Many eldest children could never imagine taking the wrong road, just for the heck of it; whereas, it may come without thinking to those "youngest." And you middle, or only children, you look in vain for role models amongst your peers or siblings. You get confused. Half of us are going the wrong way and having fun and the other half never stray away and you're never sure what is right.

It's a complex thing isn't it, finding your place in the family as you grow up. And we carry the dynamics of our families of origin with us from the day we are born until the day we die. No matter how fast or hard we seek to distance ourselves from our families, our family of origin and the dynamics of it stay with us, stamped on us. It's printed indelibly on us and a lot of what we deal with at every age of life can find its root in our family history.

Jesus seems to have been wise about this. When the Pharisees and the scribes began to grumble about how he ate with tax collectors and sinners, Jesus tells them a story. It's a story about a single parent family, a father and two sons. It's one of Jesus' best-known stories. It's full of psychological insight and theological depth. It can still get lots of us going, particularly the eldest children among us.

Murray Bowen
Murray Bowen

It begins by being a story about the younger son deciding that he can't wait to get his inheritance. "Why not ask for it now?" he thinks, and does and gets it but spends it all and ends up working at a pig farm. While there, Jesus tells us that he came to himself. He had one of those moments where his mind was cleared. He knew what to do: go home, say you're sorry and get a job on Dad's ranch. So he rehearses his speech and heads home.
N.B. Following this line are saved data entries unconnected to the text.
(* Let $\mathcal{A}=\{H_1,\dots,H_m\}$ be an arrangement of hyperplanes in $\mathbb{P}^n$ and let $P_1,\dots,P_m\in\mathrm{End}(\mathbb{C}^r)$ satisfy $\sum_{j=1}^m P_j=0$ and $[P_j,P_X]=0$ for all $j$ and all edges $X$ with $\operatorname{codim}X=2$ and $X\subseteq H_j$, where $P_X=\sum_{X\subseteq H_j}P_j$. Suppose there is $H\in\mathcal{A}$ such that for every dense edge $X\subseteq H$, no eigenvalue of $P_X$ lies in $\mathbb{Z}$. Then there exist integers $k_1,\dots,k_m$ with $\sum_j k_j=0$ such that the collection $(P_1+k_1\mathbb{I}_r,\dots,P_m+k_m\mathbb{I}_r)$ has the property that for every dense edge $X$ of $\mathcal{A}$, no eigenvalue of $\sum_{X\subseteq H_j}(P_j+k_j\mathbb{I}_r)$ lies in $\mathbb{Z}_{\geq 0}$.
   Context: $\mathbb{I}_r$ is the $r\times r$ identity matrix. An edge is a nonempty intersection of hyperplanes of $\mathcal{A}$; an edge $X$ is dense if the subarrangement of hyperplanes containing $X$ is irreducible, i.e. cannot be partitioned into two nonempty sets which, after a linear change of coordinates, are defined by linear forms in disjoint sets of coordinates (each hyperplane is a dense edge). *)

(* Field: any numClosedFieldType C (e.g. the complex numbers). *)
From HB Require Import structures.
From mathcomp Require Import all_boot all_order all_algebra.
From mathcomp Require Import boolp.
Set Implicit Arguments.
Unset Strict Implicit.
Unset Printing Implicit Defensive.
Import Order.TTheory GRing.Theory Num.Theory.
Local Open Scope ring_scope.

Section Arrangement.
Variables (C : numClosedFieldType) (n m : nat).
(* Hyperplane H_j in P^n is the zero locus of the nonzero linear form f j on C^(n+1). *)
Variable f : 'I_m -> 'rV[C]_n.+1.

Definition on_hyp (j : 'I_m) (v : 'cV[C]_n.+1) : Prop := f j *m v = 0.

Definition is_arrangement : Prop :=
  (forall j, f j != 0) /\
  (forall i j : 'I_m, i != j -> ~ (forall v, on_hyp i v <-> on_hyp j v)).

Definition in_inter (S : {set 'I_m}) (v : 'cV[C]_n.+1) : Prop :=
  forall i, i \in S -> on_hyp i v.

(* X_S is an edge: a nonempty (in P^n) intersection of (at least one) hyperplanes *)
Definition is_edge (S : {set 'I_m}) : Prop :=
  S != set0 /\ exists v, v != 0 /\ in_inter S v.

Definition contained (S : {set 'I_m}) (j : 'I_m) : Prop :=
  forall v, v != 0 -> in_inter S v -> on_hyp j v.

(* codimension of X_S in P^n = rank of the system of linear forms defining it *)
Definition codim (S : {set 'I_m}) : nat :=
  \rank (\matrix_(i < m, k < n.+1) (if i \in S then f i 0 k else 0)).

(* the subarrangement {H_j : X_S \subseteq H_j} is reducible: it splits into two
   nonempty parts which, after a linear change of coordinates g, are defined by
   linear forms in disjoint sets of coordinates (I and its complement) *)
Definition reducible (S : {set 'I_m}) : Prop :=
  exists B : {set 'I_m},
    (exists j, j \in B) /\
    (exists j, contained S j /\ j \notin B) /\
    (forall j, j \in B -> contained S j) /\
    exists (g : 'M[C]_n.+1) (I : {set 'I_n.+1}),
      g \in unitmx /\
      (forall j, j \in B -> forall k, k \notin I -> (f j *m g) 0 k = 0) /\
      (forall j, contained S j -> j \notin B -> forall k, k \in I -> (f j *m g) 0 k = 0).

Definition dense (S : {set 'I_m}) : Prop := is_edge S /\ ~ reducible S.

Definition PX (r : nat) (P : 'I_m -> 'M[C]_r) (S : {set 'I_m}) : 'M[C]_r :=
  \sum_(j < m | `[< contained S j >]) P j.

End Arrangement.

From mathcomp Require Import all_boot all_order all_algebra.
From mathcomp Require Import boolp zify.
Import Order.TTheory GRing.Theory Num.Theory.
Local Open Scope ring_scope.

(* Choose N beyond every nonnegative integer eigenvalue of every P_X (there
   are finitely many edges, each P_X has finitely many eigenvalues), shift
   the residue at H by (m-1)N and every other residue by -N.  For a dense
   edge X in H the total shift of P_X is an integer, so by hypothesis no
   integer becomes an eigenvalue; for X not in H the total shift is at most
   -N, so a nonnegative integer eigenvalue of the shifted P_X would come from
   an integer eigenvalue >= N of P_X. *)

Lemma poly_roots_eventually_avoid (R : idomainType) (a : nat -> R)
    (p : {poly R}) :
  injective a -> p != 0 -> exists N, forall w, (N <= w)%N -> ~~ root p (a w).
Proof.
move=> a_inj; have [s] := ubnP (size p); elim: s p => // s IHs p le_p_s p_neq0.
have [[w0 root_w0]|no_root] := pselect (exists w, root p (a w)); last first.
  by exists 0%N => w _; apply/negP => root_w; apply: no_root; exists w.
have [q def_p] := factor_theorem p (a w0) root_w0.
have q_neq0 : q != 0 by apply: contraNneq p_neq0 => q0; rewrite def_p q0 mul0r.
have lt_q_s : (size q < s)%N.
  by move: le_p_s; rewrite def_p size_mul ?polyXsubC_eq0 // size_XsubC addn2.
have [N avoid_q] := IHs q lt_q_s q_neq0.
exists (maxn N w0.+1) => w; rewrite geq_max => /andP[le_N_w lt_w0_w].
by rewrite def_p rootM negb_or avoid_q // root_XsubC (inj_eq a_inj) gtn_eqF.
Qed.

Lemma int_eigenvalues_bounded {F : numFieldType} {T : finType} {r : nat}
    (A : T -> 'M[F]_r) :
  exists N : nat, forall t (z : int), N%:Z <= z -> ~~ eigenvalue (A t) z%:~R.
Proof.
have natr_inj : injective (fun w : nat => w%:R : F).
  by move=> u v /eqP; rewrite eqr_nat => /eqP.
have /fin_all_exists[N avoid] : forall t, exists N,
    forall w, (N <= w)%N -> ~~ root (char_poly (A t)) w%:R.
  by move=> t; exact: poly_roots_eventually_avoid natr_inj
    (monic_neq0 (char_poly_monic (A t))).
exists (\max_t N t) => t [w|//]; rewrite lez_nat => le_N_w.
by rewrite eigenvalue_root_char avoid // (leq_trans (leq_bigmax t)).
Qed.

Lemma eigenvalue_add_scalar (F : fieldType) (r : nat) (A : 'M[F]_r) (c a : F) :
  eigenvalue (A + c%:M) a = eigenvalue A (a - c).
Proof. by rewrite /eigenvalue /eigenspace raddfB /= opprB addrA. Qed.

Definition shift_away {I : finType} (h : I) (N : int) (j : I) : int :=
  if j == h then N *+ #|I|.-1 else - N.

Lemma sum_shift_away {I : finType} (h : I) (N : int) :
  \sum_j shift_away h N j = 0.
Proof.
rewrite (bigD1 h) //= (eq_bigr (fun=> - N)) => [|j /negbTE nhj]; last first.
  by rewrite /shift_away nhj.
by rewrite /shift_away eqxx sumr_const cardC1 mulNrn subrr.
Qed.

Lemma sum_shift_away_le {I : finType} (h : I) (N : int) (A : pred I) (j0 : I) :
  0 <= N -> A j0 -> ~~ A h -> \sum_(j | A j) shift_away h N j <= - N.
Proof.
move=> N_ge0 A_j0 notA_h.
rewrite (eq_bigr (fun=> - N)) => [|j A_j]; last first.
  by rewrite /shift_away; case: eqP A_j notA_h => // -> ->.
rewrite (bigD1 j0) //= gerDl sumr_le0 // => j _.
by rewrite oppr_le0.
Qed.

Lemma PX_add_int_scalar (C : numClosedFieldType) (n m r : nat)
    (f : 'I_m -> 'rV[C]_n.+1) (P : 'I_m -> 'M[C]_r) (k : 'I_m -> int)
    (S : {set 'I_m}) :
  PX f (fun j => P j + ((k j)%:~R)%:M) S =
  PX f P S + ((\sum_(j < m | `[< contained f S j >]) k j)%:~R)%:M.
Proof. by rewrite /PX big_split /= mulrz_sumr raddf_sum. Qed.

Lemma contained_mem (C : numClosedFieldType) (n m : nat)
    (f : 'I_m -> 'rV[C]_n.+1) (S : {set 'I_m}) (j : 'I_m) :
  j \in S -> contained f S j.
Proof. by move=> jS v _; apply. Qed.

Theorem proposition4p1 (C : numClosedFieldType) (n m r : nat)
    (f : 'I_m -> 'rV[C]_n.+1) (P : 'I_m -> 'M[C]_r) :
  is_arrangement f ->
  \sum_(j < m) P j = 0 ->
  (forall (j : 'I_m) (S : {set 'I_m}),
      is_edge f S -> codim f S = 2%N -> contained f S j ->
      P j *m PX f P S = PX f P S *m P j) ->
  (exists h : 'I_m, forall S : {set 'I_m},
      dense f S -> contained f S h ->
      forall z : int, ~~ eigenvalue (PX f P S) (z%:~R)) ->
  exists k : 'I_m -> int,
    \sum_(j < m) k j = 0 /\
    forall S : {set 'I_m}, dense f S ->
      forall z : nat,
        ~~ eigenvalue (PX f (fun j => P j + ((k j)%:~R)%:M) S) (z%:R).
Proof.
move=> _ _ _ [h PX_h_nonint].
have [N PX_bounded] := int_eigenvalues_bounded (PX f P).
exists (shift_away h N%:Z); split; first exact: sum_shift_away.
move=> S dense_S z.
rewrite PX_add_int_scalar eigenvalue_add_scalar pmulrn -intrB.
have [[/set0Pn[j0 j0S] _] _] := dense_S.
have [contained_h|not_contained_h] := pselect (contained f S h).
  exact: PX_h_nonint.
have shift_le : \sum_(j < m | `[< contained f S j >]) shift_away h N%:Z j <= - N%:Z.
  apply: (sum_shift_away_le _ _ _ j0) => //.
  - exact/asboolP/contained_mem.
  - exact/asboolPn.
by apply: PX_bounded; lia.
Qed.
(* Let $G=(V,E)$ be a $D$-regular unweighted Ricci-flat graph with $D\ge2$, and assume $\mu(y)=\mu_0>0$ for all $y\in V$. Then $G$ satisfies CD$(F;0)$ with the CD-function $$F(a)=\frac{D}{\mu_0^2}\exp\Big(-\frac{\mu_0}{D}a\Big)\Big[\Upsilon\Big(\frac{2\mu_0}{D}a\Big)+(D-1)\,\Upsilon\Big(-\frac{2\mu_0}{D(D-1)}a\Big)\Big],\quad a\ge0;$$ that is, $F$ is a (strictly convex) CD-function, and for every $x\in V$ and every $v:V\to\mathbb R$ with $Lv(x)>0$ and $Lv(x)\ge Lv(y)$ for all $y\sim x$ one has $\Delta\Psi_{\Upsilon'}(v)(x)\ge F(Lv(x))$.
   Context: Unweighted means $w_{xy}=1$ for all edges; $D$-regular means every vertex has exactly $D$ neighbours. The Laplacian is $\Delta u(x)=\frac1{\mu(x)}\sum_{y\sim x}(u(y)-u(x))$, $L=-\Delta$, $\Psi_H(v)(x)=\frac1{\mu(x)}\sum_{y\sim x}H(v(y)-v(x))$, $\Upsilon(z)=e^z-1-z$, $\Upsilon'(z)=e^z-1$. A CD-function is a continuous $F:[0,\infty)\to[0,\infty)$ with $F(0)=0$, $F(x)/x$ strictly increasing on $(0,\infty)$, and $\int_1^\infty dr/F(r)<\infty$. A $D$-regular graph is Ricci-flat at $x$ if, with $N(x)=\{x\}\cup\{y:y\sim x\}$, there exist maps $\eta_1,\dots,\eta_D:N(x)\to V$ such that (i) $\eta_i(y)\sim y$ for all $i$ and $y\in N(x)$; (ii) $\eta_i(y)\ne\eta_j(y)$ for $y\in N(x)$, $i\ne j$; (iii) for each $i$, the lists $(\eta_i(\eta_j(x)))_{j=1}^D$ and $(\eta_j(\eta_i(x)))_{j=1}^D$ coincide as multisets. $G$ is Ricci-flat if it is Ricci-flat at every vertex. *)

From Stdlib Require Import Reals Lra List Permutation.
Import ListNotations.
Open Scope R_scope.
Then Jesus shifts and it becomes a story about the father. The father does not act like a patriarch should. He does not act like a fellow who has been dishonored. The father does not ask for an accounting of how the son spent half his fortune. The father is prodigal - extravagant in his affection. This is not a story about human fathers. Nor is it a story about patriarchs. It is a story about God. With this story, Jesus has shown us the face of God. This is our homecoming, not to our family of origin, but to our true identity as children of the Divine.

There is another take on this scene and that's the eldest's response. And it's predictable; it's real and very much alive in the world today. It's resentment. It's anger. It's the scribes and Pharisees. It's in all of us. "¼ when this son of yours comes back, who has devoured your property with prostitutes, you throw him a party." The father reconnects with his eldest, while not apologizing for the way he dealt with the youngest. Whether elder, or younger, or middle, or only, the message is the same. We're always, always welcomed home. Sure there may be some among us who will roll their eyes when they see you coming back, but God loves them too and they are always with God.

So maybe the reason I don't ask for directions when I'm lost is not because I'm male, but because I'm Catholic and at some deep level I believe that when I'm searching for the way, God comes to meet me.